**Your goal**
From the records below, print exactly the lines starting at the one containing "(rearr mu f t * rearr (lam0 R) (rearr" and ending at the one containing "- apply/ereal_supP => _ [h", ends included, and nothing else.

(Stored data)
· · · · · · ·

Lemma feas_gen_shrink (r1 r2 : nat -> Vec -> (nat -> Mat) -> R) p c :
  feas_gen sy r1 p -> 0 <= c <= 1 ->
  (forall g h, user_chan g h -> 0 <= r1 g h (pQ p)) ->
  (forall g h, user_chan g h -> r1 g h (pQ p) - r2 g h (pQ p) <= (1 - c) * / delta sy) ->
  feas_gen sy r2 (shrink c p).
Proof.
  intros (HQ & HPSD & Hfb & Hvir & Hs & Ht) Hc Hr1 Hgap.
  assert (Hrate : forall g h s R, user_chan g h ->
            r1 g h (pQ p) + / delta sy * (1 - s) >= R ->
            r2 g h (pQ p) + / delta sy * (1 - c * s) >= c * R).
  { intros g h s R Hgh HR. pose proof (Hr1 g h Hgh). pose proof (Hgap g h Hgh). nra. }
  split; [exact HQ|]. split; [|split; [|split; [|split]]].
  - intros g Hg u v.
    assert (Hfb_sum : sum_fb sy (shrink c p) g = c * sum_fb sy p g).
    { unfold sum_fb. rewrite <- sumR_scal. apply sumR_ext; intros k _.
      simpl. destruct (andb _ _); ring. }
    assert (Hvir_sum : sum_vir sy (shrink c p) g = c * sum_vir sy p g).
    { unfold sum_vir. rewrite <- sumR_scal. apply sumR_ext; intros k _.
      destruct (andb _ _); [|ring]. rewrite <- sumR_scal. apply sumR_ext; reflexivity. }
    rewrite Hfb_sum, Hvir_sum. simpl. specialize (HPSD g Hg u v). nra.
  - intros k Hk Hf. apply Hrate; auto. apply user_chan_fb; auto.
  - intros k j Hk Hf Hj. apply Hrate; auto. apply user_chan_vir; auto.
  - intros k Hk Hf. simpl. specialize (Hs k Hk Hf). nra.
  - intros k j Hk Hf Hj. simpl. specialize (Ht k j Hk Hf Hj). nra.
Qed.
Section Interpolation.
Variables (tau : R) (P : nat -> 'M[R]_d) (Kd lam : R).
Hypothesis D : dichotomy_at dyadicA dyadicN (tau * ln 2) P Kd lam.

Definition interp_proj k := cocycle A k 1 *m P 0%N *m cocycle A 1 k.

Lemma interp_proj_dyadic k l : (0 < k)%N ->
  interp_proj k = cocycle A k (2 ^ l) *m P l *m cocycle A (2 ^ l) k.
Proof.
move=> k_gt0; have CP := dichotomy_intertwine D.
have P_l : P l = cocycle dyadicA l 0 *m P 0%N *m cocycle dyadicA 0 l.
  rewrite (cocycle_intertwine dyadicA_unit (fun j _ => CP j)) // -mulmxA.
  by rewrite (cocycle_mulV dyadicA_unit) // mulmx1.
rewrite P_l !cocycle_dyadicA expn0 !mulmxA (cocycle_comp A_unit) ?expn2_gt0 //.
by rewrite -mulmxA (cocycle_comp A_unit) ?expn2_gt0.
Qed.

Lemma interp_proj_idem k : (0 < k)%N -> interp_proj k *m interp_proj k = interp_proj k.
Proof.
move=> k_gt0; rewrite /interp_proj -!mulmxA (mulmxA (cocycle A 1 k)).
by rewrite (cocycle_mulV A_unit) // mul1mx (mulmxA (P 0%N)) (dichotomy_proj D).
Qed.

Lemma interp_proj_intertwine k : (0 < k)%N ->
  poly_rescaled tau k *m interp_proj k = interp_proj k.+1 *m poly_rescaled tau k.
Proof.
move=> k_gt0; rewrite /poly_rescaled -scalemxAl -scalemxAr; congr (_ *: _).
rewrite -(cocycle_succ A k) /interp_proj !mulmxA (cocycle_comp A_unit) //.
by rewrite -!mulmxA (cocycle_comp A_unit).
Qed.

(* [Kb] bounds A across a dyadic block [2 ^ l, 2 ^ l.+1); [Kp] pays for two such
   blocks and for the gap, at most [ln 2], between the polynomial time [ln m - ln n]
   and the dyadic time [(l - i) ln 2]. *)
Let lam' := lam / ln 2.
Let Kb := K * expR (a * ln 2).
Let Kp := Kb * Kb * Kd * expR ((lam' + `|tau|) * ln 2) + K.
Let ap := a + `|tau| + lam'.

Let Kd_gt0 : 0 < Kd := dichotomy_K_gt0 D.

Let lam'_gt0 : 0 < lam'.
Proof. by rewrite divr_gt0 ?ln2_gt0 ?(dichotomy_lam_gt0 D). Qed.

Let lamE : lam = lam' * ln 2.
Proof. by rewrite divfK // gt_eqF ?ln2_gt0. Qed.

Let Kb_gt0 : 0 < Kb.
Proof. by rewrite mulr_gt0 ?expR_gt0. Qed.

Let Kd_expR_ge0 e : 0 <= Kd * expR e.
Proof. exact: mulr_ge0 (ltW Kd_gt0) (expR_ge0 e). Qed.

Lemma interp_exponent_le c U V E X : `|c| <= lam' + `|tau| -> `|U - V| <= ln 2 ->
  0 <= X -> E = - lam' * U + c * (U - V) ->
  Kb * Kb * Kd * expR E * X <= Kp * expR (- lam' * U) * X.
Proof.
move=> c_le UV_le X_ge0 ->; rewrite addrC expRD mulrA.
apply: ler_mulexpR => //; first by rewrite !mulr_ge0 ?expR_ge0 // ltW.
have : Kb * Kb * Kd * expR (c * (U - V)) <= Kb * Kb * Kd * expR ((lam' + `|tau|) * ln 2).
  rewrite ler_pM2l ?ler_expR ?mul_le_norm_bounds //.
  by rewrite !mulr_gt0 ?expR_gt0.
by rewrite /Kp => le_exp; have := K_gt0; lra.
Qed.

Lemma interp_stable m n : (0 < n)%N -> (n <= m)%N -> forall x,
  N m (cocycle (poly_rescaled tau) m n *m (interp_proj n *m x))
    <= Kp * ((m%:R / n%:R) `^ (- lam')) * N n x.
Proof.
move=> n_gt0 nm x; have m_gt0 := leq_trans n_gt0 nm.
set i := trunc_log 2 n; set l := trunc_log 2 m.
have il : (i <= l)%N := leq_trunc_log 2 nm.
rewrite norm_cocycle_poly_rescaled //; set y := cocycle A (2 ^ i) n *m x.
have -> : cocycle A m n *m (interp_proj n *m x)
    = cocycle A m (2 ^ l) *m (cocycle dyadicA l i *m (P i *m y)).
  rewrite (interp_proj_dyadic i n_gt0) cocycle_dyadicA !mulmxA.
  by rewrite !(cocycle_comp A_unit) ?expn2_gt0.
have [bound_l _] := dyadic_block_bound (cocycle dyadicA l i *m (P i *m y)) m_gt0.
have bound_d := dichotomy_stable D il y.
have [_ bound_i] := dyadic_block_bound x n_gt0.
have chain := ler_chain3 (ltW Kb_gt0) (Kd_expR_ge0 _) bound_l bound_d bound_i.
apply: le_trans (ler_wpM2l (expR_ge0 _) chain) _.
rewrite powR_natr_ratio // (_ : expR _ * _ = Kb * Kb * Kd * expR (- tau
  * (ln m%:R - ln n%:R) + (tau * ln 2 - lam) * (l%:R - i%:R)) * N n x); last first.
  by rewrite expRD /Kb; ring.
apply: (interp_exponent_le (c := lam' - tau) _ (ln_ratio_trunc_log2 R n_gt0 nm)).
- by rewrite (le_trans (ler_normB _ _)) // ger0_norm // ltW.
- exact: norm_ge0 (N_norm n_gt0) x.
- by rewrite lamE; ring.
Qed.

Lemma interp_unstable m n : (0 < n)%N -> (n <= m)%N -> forall x,
  N n (cocycle (poly_rescaled tau) n m *m ((1%:M - interp_proj m) *m x))
    <= Kp * ((m%:R / n%:R) `^ (- lam')) * N m x.
Proof.
move=> n_gt0 nm x; have m_gt0 := leq_trans n_gt0 nm.
set i := trunc_log 2 n; set l := trunc_log 2 m.
have il : (i <= l)%N := leq_trunc_log 2 nm.
rewrite norm_cocycle_poly_rescaled //; set y := cocycle A (2 ^ l) m *m x.
have -> : cocycle A n m *m ((1%:M - interp_proj m) *m x)
    = cocycle A n (2 ^ i) *m (cocycle dyadicA i l *m ((1%:M - P l) *m y)).
  rewrite (interp_proj_dyadic l m_gt0) cocycle_dyadicA !mulmxBl !mul1mx !mulmxBr.
  by rewrite !mulmxA !(cocycle_comp A_unit) ?expn2_gt0.
have [bound_i _] := dyadic_block_bound (cocycle dyadicA i l *m ((1%:M - P l) *m y)) n_gt0.
have bound_d := dichotomy_unstable D il y.
have [_ bound_l] := dyadic_block_bound x m_gt0.
have chain := ler_chain3 (ltW Kb_gt0) (Kd_expR_ge0 _) bound_i bound_d bound_l.
apply: le_trans (ler_wpM2l (expR_ge0 _) chain) _.
rewrite powR_natr_ratio // (_ : expR _ * _ = Kb * Kb * Kd * expR (- tau
  * (ln n%:R - ln m%:R) + - (tau * ln 2 + lam) * (l%:R - i%:R)) * N m x); last first.
  by rewrite expRD /Kb; ring.
apply: (interp_exponent_le (c := tau + lam') _ (ln_ratio_trunc_log2 R n_gt0 nm)).
- by rewrite (le_trans (ler_normD _ _)) // addrC (ger0_norm (ltW lam'_gt0)).
- exact: norm_ge0 (N_norm m_gt0) x.
- by rewrite lamE; ring.
Qed.

Lemma interp_growth m n : (0 < n)%N -> (n <= m)%N -> forall x,
  N m (cocycle (poly_rescaled tau) m n *m x) <= Kp * ((m%:R / n%:R) `^ ap) * N n x /\
  N n (cocycle (poly_rescaled tau) n m *m x) <= Kp * ((m%:R / n%:R) `^ ap) * N m x.
Proof.
move=> n_gt0 nm x; have m_gt0 := leq_trans n_gt0 nm.
have [fw bw] := A_growth n_gt0 nm x.
rewrite powR_natr_ratio // in fw bw.
have U_ge0 := subr_ln_natr_ge0 R n_gt0 nm.
have tau_le := ler_wpM2r U_ge0 (ler_norm tau).
have tauN_le := ler_wpM2r U_ge0 (ler_norm (- tau)); rewrite normrN in tauN_le.
have lam'U_ge0 := mulr_ge0 (ltW lam'_gt0) U_ge0.
have K_le : K <= Kp.
  by rewrite /Kp lerDr mulr_ge0 ?expR_ge0 // !mulr_ge0 // ltW.
rewrite !norm_cocycle_poly_rescaled // !powR_natr_ratio //; split.
- apply: ler_expR_scale fw _; rewrite ?(ltW K_gt0) ?(norm_ge0 (N_norm n_gt0)) //.
  by rewrite /ap; lra.
- apply: ler_expR_scale bw _; rewrite ?(ltW K_gt0) ?(norm_ge0 (N_norm m_gt0)) //.
  by rewrite /ap; lra.
Qed.

Lemma dichotomy_at_poly_dichotomy : strong_poly_dichotomy (poly_rescaled tau) N.
Proof.
exists Kp, ap, lam', interp_proj; split.
  split=> //; last by rewrite /ap lerDr addr_ge0 // ltW.
  by rewrite /Kp ltr_wpDl // mulr_ge0 ?expR_ge0 // !mulr_ge0 // ltW.
split=> [n | n | m n n_gt0 nm x]; first exact: interp_proj_idem.
  exact: interp_proj_intertwine.
have [fw bw] := interp_growth n_gt0 nm x.
by split; [exact: interp_stable | exact: interp_unstable | |].
Qed.

End Interpolation.

Lemma Sigma_ED_dyadic :
  Sigma_ED dyadicA dyadicN = [set c | 0 < c /\ dichotomy_spectrum dyadicA dyadicN (ln c)].
Proof.
apply/seteqP; split=> c /= [c_gt0 not_dich]; split=> // dich.
  have cE : c^-1 = expR (- ln c) by rewrite expRN lnK ?posrE.
  apply: not_dich; have [P [K' [lam D]]] := dich.
  by rewrite cE; exact: dichotomy_at_exp_dichotomy D.
apply: not_dich; apply: exp_dichotomy_dichotomy_at.
by rewrite -[c]lnK ?posrE // -expRN in dich.
Qed.

Lemma Sigma_PD_dyadic :
  Sigma_PD A N = [set t | dichotomy_spectrum dyadicA dyadicN (t * ln 2)].
Proof.
apply/seteqP; split=> t /= not_dich dich; apply: not_dich.
  by have [P [K' [lam D]]] := dich; exact: dichotomy_at_poly_dichotomy D.
exact: poly_dichotomy_dichotomy_at.
Qed.

End Dyadic.

Section IntervalImages.
Variables (R : realType) (S : set R) (r : nat) (lo hi : nat -> R).
Hypothesis S_intervals : forall s, S s <-> exists2 i, (i < r)%N & lo i <= s <= hi i.

Lemma ln_preimage_intervals :
  [set c | 0 < c /\ S (ln c)]
  = \bigcup_(i in [set i | (i < r)%N]) [set c | expR (lo i) <= c <= expR (hi i)].
Proof.
apply/seteqP; split=> c /=.
  move=> [c_gt0 /S_intervals[i ir lnc_in]]; exists i => //=.
  by rewrite -[c]lnK ?posrE // !ler_expR.
move=> [i ir /andP[lo_c c_hi]]; have c_gt0 := lt_le_trans (expR_gt0 _) lo_c.
split=> //; apply/S_intervals; exists i => //.
by rewrite -(expRK (lo i)) -(expRK (hi i)) !ler_ln ?posrE ?expR_gt0 // lo_c c_hi.
Qed.

Lemma scale_preimage_intervals k : 0 < k ->
  [set t | S (t * k)]
  = \bigcup_(i in [set i | (i < r)%N]) [set t | lo i / k <= t <= hi i / k].
Proof.
move=> k_gt0; apply/seteqP; split=> t /=.
  by move=> /S_intervals[i ir tk_in]; exists i => //=; rewrite ler_pdivrMr // ler_pdivlMr.
move=> [i ir]; rewrite /= ler_pdivrMr // ler_pdivlMr // => tk_in.
by apply/S_intervals; exists i.
Qed.

End IntervalImages.

Theorem corollary2p2 (R : realType) (d : nat) (A : nat -> 'M[R]_d)
    (N : nat -> 'cV[R]_d -> R) :
  (0 < d)%N ->
  (forall n, (0 < n)%N -> A n \in unitmx) ->
  (forall n, (0 < n)%N -> is_norm (N n)) ->
  (exists K a : R, 0 < K /\ 0 < a /\
     forall m n, (0 < n)%N -> (n <= m)%N -> forall x : 'cV[R]_d,
       N m (cocycle A m n *m x) <= K * ((m%:R / n%:R) `^ a) * N n x /\
       N n (cocycle A n m *m x) <= K * ((m%:R / n%:R) `^ a) * N m x) ->
  let B := fun n : nat => cocycle A (2 ^ n.+1) (2 ^ n) in
  let Nt := fun n : nat => N (2 ^ n)%N in
  exists (r : nat) (a b : nat -> R),
    [/\ (1 <= r <= d)%N,
        (forall i, (i < r)%N -> a i <= b i),
        (forall i, (i.+1 < r)%N -> b i < a i.+1),
        Sigma_ED B Nt = \bigcup_(i in [set i : nat | (i < r)%N])
                          [set t : R | a i <= t <= b i] &
        Sigma_PD A N = \bigcup_(i in [set i : nat | (i < r)%N])
                          [set t : R | ln (a i) / ln 2 <= t <= ln (b i) / ln 2]].
Proof.
move=> d_gt0 A_unit N_norm [K [a [K_gt0 [a_gt0 A_growth]]]] B Nt.
have [r [lo [hi [r_bounds lo_hi hi_lo spectrum]]]] :=
  dichotomy_spectrum_intervals (dyadicA_unit A_unit) (dyadicN_norm N_norm) K_gt0
    (dyadicA_growth A_unit A_growth) d_gt0.
exists r, (expR \o lo), (expR \o hi); split=> //.
- by move=> i ir; rewrite ler_expR lo_hi.
- by move=> i ir; rewrite ltr_expR hi_lo.
- rewrite (Sigma_ED_dyadic A_unit N_norm K_gt0 a_gt0 A_growth).
  exact: ln_preimage_intervals spectrum.
rewrite (Sigma_PD_dyadic A_unit N_norm K_gt0 a_gt0 A_growth).
rewrite (scale_preimage_intervals spectrum (ln2_gt0 R)).
by apply: eq_bigcupr => i _ /=; rewrite !expRK.
Qed.
(* The right-continuity of [distrib mu f] (continuity of [mu] from below on
   the sets [{|f| > s + 1/(n+1)}]) is what makes the strict inequalities match. *)
Lemma lt_rearrP f s t : measurable_fun setT f -> (0 <= s)%R ->
  (s%:E < rearr mu f t) <-> (t%:E < distrib mu f s).
Proof.
move=> mf s0; split.
  by move=> st; rewrite ltNge; apply/negP => /(rearr_le f t _ s0); rewrite leNgt st.
move=> tD.
pose A n := [set x | (s + n.+1%:R^-1)%:E < `|f x|].
have mA n : measurable (A n) by exact: measurable_abse_gt.
have UA : \bigcup_n A n = [set x | s%:E < `|f x|].
  apply/seteqP; split => x /=.
    by move=> [n _]; apply: le_lt_trans; rewrite lee_fin lerDl.
  case E : (f x) => [r| |] /=.
  - rewrite lte_fin => /ltr_add_invr [k hk]; exists k => //.
    by rewrite /A /= E /= lte_fin.
  - by move=> _; exists 0%N => //; rewrite /A /= E /= ltey.
  - by move=> _; exists 0%N => //; rewrite /A /= E /= ltey.
have ndA : nondecreasing_seq A.
  move=> n m nm; apply/subsetPset => x; rewrite /A /=; apply: le_lt_trans.
  by rewrite lee_fin lerD2l lef_pV2 ?posrE // ler_nat ltnS.
have mU : measurable (\bigcup_n A n) by rewrite UA; exact: measurable_abse_gt.
have cvA := nondecreasing_cvg_mu (mu:=mu) mA mU ndA.
have [n tAn] : exists n, t%:E < mu (A n).
  apply/not_existsP => tA; move: tD; apply/negP; rewrite -leNgt.
  rewrite /distrib -UA -(cvg_lim _ cvA) //; apply: lime_le.
    by apply/cvg_ex; eexists; exact: cvA.
  by apply: nearW => n /=; rewrite leNgt; apply/negP; exact: tA.
apply: (@lt_le_trans _ _ (s + n.+1%:R^-1)%:E).
  by rewrite lte_fin ltrDl invr_gt0.
apply/ereal_infP => _ [s' [s'0 Ds'] <-]; rewrite lee_fin leNgt; apply/negP => s's.
have : mu (A n) <= distrib mu f s'.
  apply: le_measure; rewrite ?inE //; first exact: measurable_abse_gt.
  by move=> x; rewrite /A /= => fx; apply: lt_trans fx; rewrite lte_fin.
by move=> /le_trans/(_ Ds'); rewrite leNgt tAn.
Qed.

Lemma distrib_lam0_rearr f s : measurable_fun setT f -> (0 <= s)%R ->
  distrib (lam0 R) (rearr mu f) s = distrib mu f s.
Proof.
move=> mf s0; rewrite /distrib lam0E.
rewrite (_ : _ `&` _ = Iset (distrib mu f s)).
  exact/lebesgue_measure_Iset/measure_ge0.
apply/seteqP; split => t; rewrite /Iset /= in_itv /= andbT gee0_abs ?rearr_ge0 //.
  by move=> [/(lt_rearrP f s t mf s0) ? ->].
by move=> [-> /(lt_rearrP f s t mf s0) ?].
Qed.

Lemma rearr_idem f : measurable_fun setT f -> rearr (lam0 R) (rearr mu f) = rearr mu f.
Proof. by move=> mf; apply: eq_rearr => s s0; rewrite distrib_lam0_rearr. Qed.

Lemma measurable_rearr f : measurable_fun setT (rearr mu f).
Proof.
apply: measurable_nonincreasing_ge0 => [t|x y xy]; [exact: rearr_ge0|exact: le_rearr].
Qed.

Lemma distrib_rearr_truncate (m : \bar R) f s :
  0 <= m -> measurable_fun setT f -> (0 <= s)%R ->
  distrib (lam0 R) (trunc m (rearr mu f)) s = Order.min m (distrib mu f s).
Proof.
move=> m0 mf s0; rewrite /distrib lam0E abse_mul_indic_gt //; last first.
  by move=> u; exact: rearr_ge0.
rewrite (_ : _ `&` _ = Iset (Order.min m (distrib mu f s))).
  by rewrite lebesgue_measure_Iset // le_min m0 measure_ge0.
apply/seteqP; split => u; rewrite /Iset /=.
  by move=> [[[u0 um] /(lt_rearrP f s u mf s0) uD] _]; rewrite lt_min um uD.
move=> [u0]; rewrite lt_min => /andP[um uD]; split; last by rewrite in_itv /= u0.
by split; [split|apply/(lt_rearrP f s u mf s0)].
Qed.

Lemma rearr_truncate (m : \bar R) f t :
  measurable_fun setT f -> 0 <= m -> t%:E < m ->
  rearr (lam0 R) (trunc m (rearr mu f)) t = rearr mu f t.
Proof.
move=> mf m0 tm; apply: eq_rearr_at => s s0.
rewrite distrib_rearr_truncate // ge_min; split; last by move=> ->; rewrite orbT.
by move=> /orP[mt|//]; have := lt_le_trans tm mt; rewrite ltxx.
Qed.

Lemma rearr_truncate_measure f : measurable_fun setT f ->
  rearr (lam0 R) (trunc (mu setT) (rearr mu f)) = rearr mu f.
Proof.
move=> mf; apply: eq_rearr => s s0; rewrite distrib_rearr_truncate //.
apply/min_idPr; apply: le_measure; rewrite ?inE //; exact: measurable_abse_gt.
Qed.

End rearrangement.

Lemma integral_rearr_truncate {R : realType} {d : measure_display}
    {T : measurableType d} (mu : {measure set T -> \bar R})
    (f : T -> \bar R) (h : R -> \bar R) :
  measurable_fun setT f -> measurable_fun setT h ->
  \int[lebesgue_measure]_(t in `[0%R, +oo[) (rearr mu f t * rearr (lam0 R) h t) =
  \int[lebesgue_measure]_(t in `[0%R, +oo[)
    (rearr mu f t * rearr (lam0 R) (trunc (mu setT) (rearr (lam0 R) h)) t).
Proof.
move=> mf mh; apply: eq_integral => t _.
have [tm|mt] := ltP t%:E (mu setT); first by rewrite rearr_truncate.
by rewrite rearr_eq0 // !mul0e.
Qed.

Section associate_norm.
Context {R : realType} {d : measure_display} {T : measurableType d}.
Variables (mu : {measure set T -> \bar R}) (N : (T -> \bar R) -> \bar R).
Variable NX : (measurableTypeR R -> \bar R) -> \bar R.

Definition rearr_maps_ball :=
  forall g : T -> \bar R, measurable_fun setT g -> N g <= 1 -> NX (rearr mu g) <= 1.

Definition pairing_dominated (f : T -> \bar R) :=
  forall h : R -> \bar R, measurable_fun setT h -> NX h <= 1 ->
    exists2 G : T -> \bar R, measurable_fun setT G /\ N G <= 1 &
    \int[lebesgue_measure]_(t in `[0%R, +oo[) (rearr mu f t * rearr (lam0 R) h t) <=
    \int[lebesgue_measure]_(t in `[0%R, +oo[) (rearr mu f t * rearr mu G t).

Lemma assoc_norm_eq_rearr (f : T -> \bar R) : measurable_fun setT f ->
  rearr_maps_ball -> pairing_dominated f ->
  assoc_norm mu N f = assoc_norm (lam0 R) NX (rearr mu f).
Proof.
move=> mf ballX ballXbar; rewrite /assoc_norm rearr_idem //.
apply/eqP; rewrite eq_le; apply/andP; split.
- apply/ereal_supP => _ [g [mg Ng] <-]; apply: le_ereal_sup_tmp.
  exists (\int[lebesgue_measure]_(t in `[0%R, +oo[)
      (rearr mu f t * rearr (lam0 R) (rearr mu g) t)); last by rewrite rearr_idem.
  by exists (rearr mu g) => //; split; [exact: measurable_rearr|exact: ballX].
- apply/ereal_supP => _ [h [mh Nh] <-]; apply: le_ereal_sup_tmp.
  have [G GX le] := ballXbar h mh Nh.
  by eexists; [exists G|exact: le].
Qed.

End associate_norm.

Section nonatomic.
Context {R : realType} {d : measure_display} {T : measurableType d}.
Variables (mu : {measure set T -> \bar R}) (sigma : T -> measurableTypeR R).
Hypothesis sigma_mp : measure_preserving_onto mu sigma.
Variables (N : (T -> \bar R) -> \bar R) (NX0 : (measurableTypeR R -> \bar R) -> \bar R).
Hypothesis NX0E : forall h, NX0 h = N (h \o sigma).
Hypothesis N_ri : rearr_inv mu N.

Lemma measurable_trunc_sigma (u : R -> \bar R) : measurable_fun setT u ->
  measurable_fun setT (trunc (mu setT) u \o sigma).
Proof.
move=> mu_; apply: measurableT_comp; last by case: sigma_mp.
exact: measurable_fun_mul_indic (measurable_Iset _) mu_.
Qed.

Lemma rearr_trunc_sigma (u : R -> \bar R) : measurable_fun setT u ->
  (forall t, 0 <= u t) ->
  rearr mu (trunc (mu setT) u \o sigma) = rearr (lam0 R) (trunc (mu setT) u).
Proof.
move=> mu_ u0; apply: eq_rearr => s s0; case: sigma_mp => _ _ mp.
have mA : measurable [set t : measurableTypeR R | s%:E < `|trunc (mu setT) u t|].
  by apply: measurable_abse_gt; exact: measurable_fun_mul_indic (measurable_Iset _) mu_.
have sub0 : Iset (mu setT) `&` [set t | s%:E < u t] `<=` `[0%R, +oo[.
  by move=> t [[t0 _] _]; rewrite /= in_itv /= t0.
rewrite /distrib lam0E (mp _ mA) abse_mul_indic_gt //.
by rewrite (setIidl sub0) (setIidl (@subIsetl _ _ _)).
Qed.

Lemma rearr_maps_ball_nonatomic : rearr_maps_ball mu N (Xbar (mu setT) NX0).
Proof.
move=> g mg Ng; rewrite /Xbar rearr_idem // NX0E.
rewrite (N_ri _ g (measurable_trunc_sigma _ (measurable_rearr mu g)) mg) // => t _.
rewrite rearr_trunc_sigma ?rearr_truncate_measure //; first exact: measurable_rearr.
by move=> ?; exact: rearr_ge0.
Qed.

Lemma pairing_dominated_nonatomic (f : T -> \bar R) : measurable_fun setT f ->
  pairing_dominated mu N (Xbar (mu setT) NX0) f.
Proof.
move=> mf h mh; rewrite /Xbar NX0E => Nh.
exists (trunc (mu setT) (rearr (lam0 R) h) \o sigma).
  by split => //; exact: measurable_trunc_sigma _ (measurable_rearr _ _).
rewrite integral_rearr_truncate // rearr_trunc_sigma //; first exact: measurable_rearr.
by move=> ?; exact: rearr_ge0.
Qed.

· · · · · · ·

**Exercise result**
      (rearr mu f t * rearr (lam0 R) (rearr mu g) t)); last by rewrite rearr_idem.
  by exists (rearr mu g) => //; split; [exact: measurable_rearr|exact: ballX].
- apply/ereal_supP => _ [h [mh Nh] <-]; apply: le_ereal_sup_tmp.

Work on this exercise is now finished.